TRY IT: Take every line in the entries that includes the word "exact" and copy it.

(Dataset entries)
_____

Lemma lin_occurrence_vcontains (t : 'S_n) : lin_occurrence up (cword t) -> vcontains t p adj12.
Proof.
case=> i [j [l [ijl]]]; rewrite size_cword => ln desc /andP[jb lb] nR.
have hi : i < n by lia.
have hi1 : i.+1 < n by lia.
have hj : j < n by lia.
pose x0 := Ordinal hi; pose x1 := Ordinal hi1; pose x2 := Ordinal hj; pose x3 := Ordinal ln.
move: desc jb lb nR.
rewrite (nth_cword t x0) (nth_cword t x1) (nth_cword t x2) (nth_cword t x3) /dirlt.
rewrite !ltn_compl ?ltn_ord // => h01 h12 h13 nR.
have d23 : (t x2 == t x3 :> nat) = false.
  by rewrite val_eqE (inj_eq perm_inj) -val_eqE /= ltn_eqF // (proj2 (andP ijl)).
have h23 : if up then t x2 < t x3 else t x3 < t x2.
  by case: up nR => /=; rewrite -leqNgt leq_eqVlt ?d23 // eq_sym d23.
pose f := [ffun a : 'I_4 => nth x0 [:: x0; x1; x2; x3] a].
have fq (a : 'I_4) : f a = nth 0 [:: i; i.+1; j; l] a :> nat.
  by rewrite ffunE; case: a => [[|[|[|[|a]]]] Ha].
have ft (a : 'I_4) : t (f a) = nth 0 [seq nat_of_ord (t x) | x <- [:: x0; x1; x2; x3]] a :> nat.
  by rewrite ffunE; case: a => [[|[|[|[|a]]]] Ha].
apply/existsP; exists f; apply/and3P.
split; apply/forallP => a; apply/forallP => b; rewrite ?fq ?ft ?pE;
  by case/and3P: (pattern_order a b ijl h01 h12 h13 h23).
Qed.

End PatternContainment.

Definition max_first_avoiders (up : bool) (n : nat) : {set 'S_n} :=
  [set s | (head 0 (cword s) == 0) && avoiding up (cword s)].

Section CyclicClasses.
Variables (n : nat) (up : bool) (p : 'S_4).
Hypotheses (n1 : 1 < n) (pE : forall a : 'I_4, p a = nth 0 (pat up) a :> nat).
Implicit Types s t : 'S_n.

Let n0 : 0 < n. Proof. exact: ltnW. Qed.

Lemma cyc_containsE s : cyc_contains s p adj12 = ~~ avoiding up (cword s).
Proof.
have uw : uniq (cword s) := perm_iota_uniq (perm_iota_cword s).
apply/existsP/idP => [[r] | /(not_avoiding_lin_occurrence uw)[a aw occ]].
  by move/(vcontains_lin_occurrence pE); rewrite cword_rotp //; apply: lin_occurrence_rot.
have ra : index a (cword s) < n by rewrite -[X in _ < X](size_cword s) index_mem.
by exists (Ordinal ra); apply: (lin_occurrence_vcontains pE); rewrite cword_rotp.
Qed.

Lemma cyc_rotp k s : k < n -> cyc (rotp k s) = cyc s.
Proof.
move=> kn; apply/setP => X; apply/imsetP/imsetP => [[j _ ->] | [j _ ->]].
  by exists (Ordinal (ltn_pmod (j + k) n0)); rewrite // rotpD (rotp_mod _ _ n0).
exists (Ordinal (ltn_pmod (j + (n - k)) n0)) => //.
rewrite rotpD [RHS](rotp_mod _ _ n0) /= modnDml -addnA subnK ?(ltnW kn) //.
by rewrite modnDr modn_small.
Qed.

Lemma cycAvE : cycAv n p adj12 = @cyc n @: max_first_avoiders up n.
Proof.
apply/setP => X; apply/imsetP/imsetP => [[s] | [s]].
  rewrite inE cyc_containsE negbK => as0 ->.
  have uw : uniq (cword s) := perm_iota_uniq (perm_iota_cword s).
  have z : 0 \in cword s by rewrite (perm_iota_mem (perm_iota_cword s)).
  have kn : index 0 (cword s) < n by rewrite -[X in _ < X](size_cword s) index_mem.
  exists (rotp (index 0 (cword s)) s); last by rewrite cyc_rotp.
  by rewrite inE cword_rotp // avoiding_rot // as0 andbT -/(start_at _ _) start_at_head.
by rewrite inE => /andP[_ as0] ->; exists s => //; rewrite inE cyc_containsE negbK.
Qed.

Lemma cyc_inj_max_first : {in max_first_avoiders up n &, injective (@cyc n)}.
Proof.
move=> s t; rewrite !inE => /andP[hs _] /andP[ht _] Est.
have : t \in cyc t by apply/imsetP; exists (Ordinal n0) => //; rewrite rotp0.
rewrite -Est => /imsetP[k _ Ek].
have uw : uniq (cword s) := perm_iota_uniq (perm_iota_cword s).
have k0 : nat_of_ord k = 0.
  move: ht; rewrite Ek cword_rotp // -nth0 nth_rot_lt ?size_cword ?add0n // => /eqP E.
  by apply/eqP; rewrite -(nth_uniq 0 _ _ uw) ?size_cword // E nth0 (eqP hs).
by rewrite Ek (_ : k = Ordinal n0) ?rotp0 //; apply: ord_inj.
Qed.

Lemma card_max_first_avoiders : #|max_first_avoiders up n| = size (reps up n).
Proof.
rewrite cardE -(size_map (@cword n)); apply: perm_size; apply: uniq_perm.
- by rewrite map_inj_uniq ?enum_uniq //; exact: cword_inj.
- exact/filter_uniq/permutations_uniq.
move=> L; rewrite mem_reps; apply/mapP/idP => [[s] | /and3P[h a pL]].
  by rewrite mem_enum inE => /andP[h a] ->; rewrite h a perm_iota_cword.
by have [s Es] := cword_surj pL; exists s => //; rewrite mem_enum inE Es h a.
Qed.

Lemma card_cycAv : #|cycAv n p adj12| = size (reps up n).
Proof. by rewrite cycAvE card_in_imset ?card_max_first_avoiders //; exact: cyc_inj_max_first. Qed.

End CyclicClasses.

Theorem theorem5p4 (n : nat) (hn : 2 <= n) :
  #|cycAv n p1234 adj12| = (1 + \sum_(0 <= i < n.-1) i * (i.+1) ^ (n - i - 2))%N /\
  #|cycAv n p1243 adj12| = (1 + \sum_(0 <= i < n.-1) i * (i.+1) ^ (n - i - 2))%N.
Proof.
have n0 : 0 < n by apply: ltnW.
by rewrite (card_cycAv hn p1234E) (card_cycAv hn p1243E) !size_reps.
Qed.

_____

PROBLEM SOLUTION:
Let n0 : 0 < n. Proof. exact: ltnW. Qed.
- by rewrite map_inj_uniq ?enum_uniq //; exact: cword_inj.
- exact/filter_uniq/permutations_uniq.
Proof. by rewrite cycAvE card_in_imset ?card_max_first_avoiders //; exact: cyc_inj_max_first. Qed.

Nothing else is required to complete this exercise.